§ **Your objective**
Down to the final line, return the records unchanged.

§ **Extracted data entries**
Section CqOfMarsify.
Variables (S : signature) (J : nat) (X : 'I_J -> finType).
Variables (Phi : forall j : 'I_J, CQ S (X j)) (D : structure S).
Local Notation Y := (cqVars X).
Local Notation venus := (eVenus D).
Local Notation mars := (eMars D).
Local Notation emb j := (fun y : X j => (inr (Tagged X y) : Y)).
Local Notation sent h a := (sent_to_fact (D := marsify D) h a).

Lemma emb_inj j : injective (emb j).
Proof. by move=> y y' e; apply: (@eq_from_Tagged _ X); case: e. Qed.

Lemma occurs_cqOf_inl j : occurs (cqOf Phi) (inl j).
Proof.
rewrite /occurs /cqOf /RClique !has_cat !has_flatten !has_map.
by apply/orP; left; apply/orP; left; apply/hasP; exists j; rewrite ?mem_enumT //= !inE eqxx.
Qed.

Lemma occurs_cqOf_emb j (y : X j) : occurs (cqOf Phi) (emb j y) = occurs (Phi j) y.
Proof.
rewrite /occurs /cqOf /RClique !has_cat !has_flatten !has_map.
apply/idP/idP => [|y_occ]; last first.
  apply/orP; right; apply/hasP; exists j; rewrite ?mem_enumT //= /triangle !has_cat.
  rewrite !has_map orbC; apply/orP; left.
  by apply/hasP; exists y; rewrite ?mem_enum //= !inE eqxx orbT.
case/orP => [/orP[] /hasP[k _] // | /hasP[k _]] /=.
  by rewrite has_map => /hasP[k' _].
rewrite /triangle !has_cat /liftCQ !has_map => /or3P[/hasP[a a_k] | // | /hasP[y' y'_k]] /=.
  case/mem_liftTerm_inl=> y' yE y'_a.
  have kj : k = j by case: yE.
  move: y' a a_k yE y'_a; rewrite kj => y' a a_j /emb_inj -> y_a.
  by apply/hasP; exists a.
rewrite !inE /= => /eqP yE.
have kj : k = j by case: yE.
move: y' y'_k yE; rewrite kj => y'; rewrite mem_enum => y'_j.
by case=> /(@eq_from_Tagged _ X) ->.
Qed.

Lemma cqOf_domainP (h : Y -> option (mdom D)) :
  reflect ((forall j, h (inl j) != None) /\
           (forall j (y : X j), (h (emb j y) != None) = occurs (Phi j) y))
          [forall x, (h x != None) == occurs (cqOf Phi) x].
Proof.
apply: (iffP forallP) => [hE | [h_inl h_emb] [j | [j y]]].
- split=> [j | j y]; first by have := hE (inl j); rewrite occurs_cqOf_inl => /eqP.
  by have := hE (emb j y); rewrite occurs_cqOf_emb => /eqP.
- by rewrite occurs_cqOf_inl h_inl.
- by rewrite (occurs_cqOf_emb y) h_emb.
Qed.

Local Notation xv j := (inl (inl j : Y) : term (sigPlus S) Y).
Local Notation cV := (cVenus S (Y := Y)).

Lemma all_sent_cqOfP (h : Y -> option (mdom D)) :
  all (fun a => sent h a) (cqOf Phi) <->
  [/\ forall j, sent h (Rat cV (xv j)) && sent h (Rat (xv j) cV),
      forall j j' : 'I_J, j < j' -> sent h (Rat (xv j) (xv j')) && sent h (Rat (xv j') (xv j)),
      forall j, all (fun a => sent h (liftAtom (emb j) a)) (Phi j) &
      forall j (y : X j), occurs (Phi j) y -> sent h (Vat (xv j) (inl (emb j y)))].
Proof.
rewrite /cqOf /RClique /triangle /liftCQ !all_cat !all_flatten !all_map.
split=> [/andP[/andP[/allP planet /allP clique] /allP disj] | [planet clique disj link]].
  split=> [j | j j' jj' | j | j y y_occ].
  - by have /= /and3P[-> ->] := planet j (mem_enumT j).
  - have := clique j (mem_enumT j); rewrite /= all_map => /allP.
    by move/(_ j'); rewrite mem_filter jj' mem_enum => /(_ isT) /= /and3P[-> ->].
  - by have := disj j (mem_enumT j); rewrite /= all_cat all_map => /andP[].
  - have := disj j (mem_enumT j); rewrite /= all_cat /= !all_map => /and4P[_ _ _ /allP].
    by move/(_ y); rewrite mem_enum => /(_ y_occ).
apply/andP; split; [apply/andP; split|]; apply/allP => j _ /=.
- by rewrite andbT planet.
- rewrite all_map; apply/allP => j'; rewrite mem_filter => /andP[jj' _] /=.
  by rewrite andbT clique.
- rewrite all_cat all_map disj /= all_map; case/andP: (planet j) => -> -> /=.
  by apply/allP => y; rewrite mem_enum => y_occ; exact: link.
Qed.

Local Notation cqHom h := (hom (marsify D) (cqOf Phi) h).

Definition venusOf j (y : X j) : option (mdom D) :=
  if occurs (Phi j) y then Some venus else None.

Definition marsIndex (h : {ffun Y -> option (mdom D)}) : option 'I_J :=
  [pick j | h (inl j) == Some mars].

Definition restrictDom j (h : {ffun Y -> option (mdom D)}) : {ffun X j -> option (dom D)} :=
  [ffun y => if h (emb j y) is Some (inl a) then Some a else None].

Lemma cqHom_planet h j : cqHom h -> h (inl j) = Some venus \/ h (inl j) = Some mars.
Proof.
case/andP=> _ /all_sent_cqOfP[/(_ j) /andP[+ _] _ _ _].
rewrite sent_binAtom /=; case: (h (inl j)) => [q|] //; rewrite mem_marsR eqxx /=.
by case/or3P=> // /eqP ->; [left | right].
Qed.

(* There is no fact R(mars, mars). *)
Lemma cqHom_mars_unique h j j' : cqHom h ->
  h (inl j) = Some mars -> h (inl j') = Some mars -> j = j'.
Proof.
case/andP=> _ /all_sent_cqOfP[_ clique _ _] hj hj'.
have mars_edge (k k' : 'I_J) :
    k < k' -> h (inl k) = Some mars -> h (inl k') = Some mars -> False.
  by move=> kk' hk hk'; case/andP: (clique k k' kk'); rewrite sent_binAtom /= hk hk' mem_marsR.
case: (ltngtP j j') => [jj' | j'j | /val_inj //].
  by case: (mars_edge j j').
by case: (mars_edge j' j).
Qed.

Lemma cqHom_emb_venus h j (y : X j) : cqHom h ->
  h (inl j) = Some venus -> h (emb j y) = venusOf y.
Proof.
case/andP=> /cqOf_domainP[_ dom_emb] /all_sent_cqOfP[_ _ _ link] hj.
rewrite /venusOf; case y_occ: (occurs (Phi j) y); last first.
  by have := dom_emb j y; rewrite y_occ; case: (h (emb j y)).
have := link j y y_occ; rewrite sent_binAtom /= hj.
by case: (h (emb j y)) => [q|] //; rewrite mem_marsV eqxx orbF => /eqP ->.
Qed.

Lemma cqHom_emb_mars h j (y : X j) : cqHom h ->
  h (inl j) = Some mars -> h (emb j y) = omap inl (restrictDom j h y).
Proof.
case/andP=> /cqOf_domainP[_ dom_emb] /all_sent_cqOfP[_ _ _ link] hj.
rewrite ffunE; case y_occ: (occurs (Phi j) y); last first.
  by have := dom_emb j y; rewrite y_occ; case: (h (emb j y)).
have := link j y y_occ; rewrite sent_binAtom /= hj.
by case: (h (emb j y)) => [[a|b]|] //; rewrite mem_marsV.
Qed.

§ **Response**
Section CqOfMarsify.
Variables (S : signature) (J : nat) (X : 'I_J -> finType).
Variables (Phi : forall j : 'I_J, CQ S (X j)) (D : structure S).
Local Notation Y := (cqVars X).
Local Notation venus := (eVenus D).
Local Notation mars := (eMars D).
Local Notation emb j := (fun y : X j => (inr (Tagged X y) : Y)).
Local Notation sent h a := (sent_to_fact (D := marsify D) h a).

Lemma emb_inj j : injective (emb j).
Proof. by move=> y y' e; apply: (@eq_from_Tagged _ X); case: e. Qed.

Lemma occurs_cqOf_inl j : occurs (cqOf Phi) (inl j).
Proof.
rewrite /occurs /cqOf /RClique !has_cat !has_flatten !has_map.
by apply/orP; left; apply/orP; left; apply/hasP; exists j; rewrite ?mem_enumT //= !inE eqxx.
Qed.

Lemma occurs_cqOf_emb j (y : X j) : occurs (cqOf Phi) (emb j y) = occurs (Phi j) y.
Proof.
rewrite /occurs /cqOf /RClique !has_cat !has_flatten !has_map.
apply/idP/idP => [|y_occ]; last first.
  apply/orP; right; apply/hasP; exists j; rewrite ?mem_enumT //= /triangle !has_cat.
  rewrite !has_map orbC; apply/orP; left.
  by apply/hasP; exists y; rewrite ?mem_enum //= !inE eqxx orbT.
case/orP => [/orP[] /hasP[k _] // | /hasP[k _]] /=.
  by rewrite has_map => /hasP[k' _].
rewrite /triangle !has_cat /liftCQ !has_map => /or3P[/hasP[a a_k] | // | /hasP[y' y'_k]] /=.
  case/mem_liftTerm_inl=> y' yE y'_a.
  have kj : k = j by case: yE.
  move: y' a a_k yE y'_a; rewrite kj => y' a a_j /emb_inj -> y_a.
  by apply/hasP; exists a.
rewrite !inE /= => /eqP yE.
have kj : k = j by case: yE.
move: y' y'_k yE; rewrite kj => y'; rewrite mem_enum => y'_j.
by case=> /(@eq_from_Tagged _ X) ->.
Qed.

Lemma cqOf_domainP (h : Y -> option (mdom D)) :
  reflect ((forall j, h (inl j) != None) /\
           (forall j (y : X j), (h (emb j y) != None) = occurs (Phi j) y))
          [forall x, (h x != None) == occurs (cqOf Phi) x].
Proof.
apply: (iffP forallP) => [hE | [h_inl h_emb] [j | [j y]]].
- split=> [j | j y]; first by have := hE (inl j); rewrite occurs_cqOf_inl => /eqP.
  by have := hE (emb j y); rewrite occurs_cqOf_emb => /eqP.
- by rewrite occurs_cqOf_inl h_inl.
- by rewrite (occurs_cqOf_emb y) h_emb.
Qed.

Local Notation xv j := (inl (inl j : Y) : term (sigPlus S) Y).
Local Notation cV := (cVenus S (Y := Y)).

Lemma all_sent_cqOfP (h : Y -> option (mdom D)) :
  all (fun a => sent h a) (cqOf Phi) <->
  [/\ forall j, sent h (Rat cV (xv j)) && sent h (Rat (xv j) cV),
      forall j j' : 'I_J, j < j' -> sent h (Rat (xv j) (xv j')) && sent h (Rat (xv j') (xv j)),
      forall j, all (fun a => sent h (liftAtom (emb j) a)) (Phi j) &
      forall j (y : X j), occurs (Phi j) y -> sent h (Vat (xv j) (inl (emb j y)))].
Proof.
rewrite /cqOf /RClique /triangle /liftCQ !all_cat !all_flatten !all_map.
split=> [/andP[/andP[/allP planet /allP clique] /allP disj] | [planet clique disj link]].
  split=> [j | j j' jj' | j | j y y_occ].
  - by have /= /and3P[-> ->] := planet j (mem_enumT j).
  - have := clique j (mem_enumT j); rewrite /= all_map => /allP.
    by move/(_ j'); rewrite mem_filter jj' mem_enum => /(_ isT) /= /and3P[-> ->].
  - by have := disj j (mem_enumT j); rewrite /= all_cat all_map => /andP[].
  - have := disj j (mem_enumT j); rewrite /= all_cat /= !all_map => /and4P[_ _ _ /allP].
    by move/(_ y); rewrite mem_enum => /(_ y_occ).
apply/andP; split; [apply/andP; split|]; apply/allP => j _ /=.
- by rewrite andbT planet.
- rewrite all_map; apply/allP => j'; rewrite mem_filter => /andP[jj' _] /=.
  by rewrite andbT clique.
- rewrite all_cat all_map disj /= all_map; case/andP: (planet j) => -> -> /=.
  by apply/allP => y; rewrite mem_enum => y_occ; exact: link.
Qed.

Local Notation cqHom h := (hom (marsify D) (cqOf Phi) h).

Definition venusOf j (y : X j) : option (mdom D) :=
  if occurs (Phi j) y then Some venus else None.

Definition marsIndex (h : {ffun Y -> option (mdom D)}) : option 'I_J :=
  [pick j | h (inl j) == Some mars].

Definition restrictDom j (h : {ffun Y -> option (mdom D)}) : {ffun X j -> option (dom D)} :=
  [ffun y => if h (emb j y) is Some (inl a) then Some a else None].

Lemma cqHom_planet h j : cqHom h -> h (inl j) = Some venus \/ h (inl j) = Some mars.
Proof.
case/andP=> _ /all_sent_cqOfP[/(_ j) /andP[+ _] _ _ _].
rewrite sent_binAtom /=; case: (h (inl j)) => [q|] //; rewrite mem_marsR eqxx /=.
by case/or3P=> // /eqP ->; [left | right].
Qed.

(* There is no fact R(mars, mars). *)
Lemma cqHom_mars_unique h j j' : cqHom h ->
  h (inl j) = Some mars -> h (inl j') = Some mars -> j = j'.
Proof.
case/andP=> _ /all_sent_cqOfP[_ clique _ _] hj hj'.
have mars_edge (k k' : 'I_J) :
    k < k' -> h (inl k) = Some mars -> h (inl k') = Some mars -> False.
  by move=> kk' hk hk'; case/andP: (clique k k' kk'); rewrite sent_binAtom /= hk hk' mem_marsR.
case: (ltngtP j j') => [jj' | j'j | /val_inj //].
  by case: (mars_edge j j').
by case: (mars_edge j' j).
Qed.

Lemma cqHom_emb_venus h j (y : X j) : cqHom h ->
  h (inl j) = Some venus -> h (emb j y) = venusOf y.
Proof.
case/andP=> /cqOf_domainP[_ dom_emb] /all_sent_cqOfP[_ _ _ link] hj.
rewrite /venusOf; case y_occ: (occurs (Phi j) y); last first.
  by have := dom_emb j y; rewrite y_occ; case: (h (emb j y)).
have := link j y y_occ; rewrite sent_binAtom /= hj.
by case: (h (emb j y)) => [q|] //; rewrite mem_marsV eqxx orbF => /eqP ->.
Qed.

Lemma cqHom_emb_mars h j (y : X j) : cqHom h ->
  h (inl j) = Some mars -> h (emb j y) = omap inl (restrictDom j h y).
Proof.
case/andP=> /cqOf_domainP[_ dom_emb] /all_sent_cqOfP[_ _ _ link] hj.
rewrite ffunE; case y_occ: (occurs (Phi j) y); last first.
  by have := dom_emb j y; rewrite y_occ; case: (h (emb j y)).
have := link j y y_occ; rewrite sent_binAtom /= hj.
by case: (h (emb j y)) => [[a|b]|] //; rewrite mem_marsV.
Qed.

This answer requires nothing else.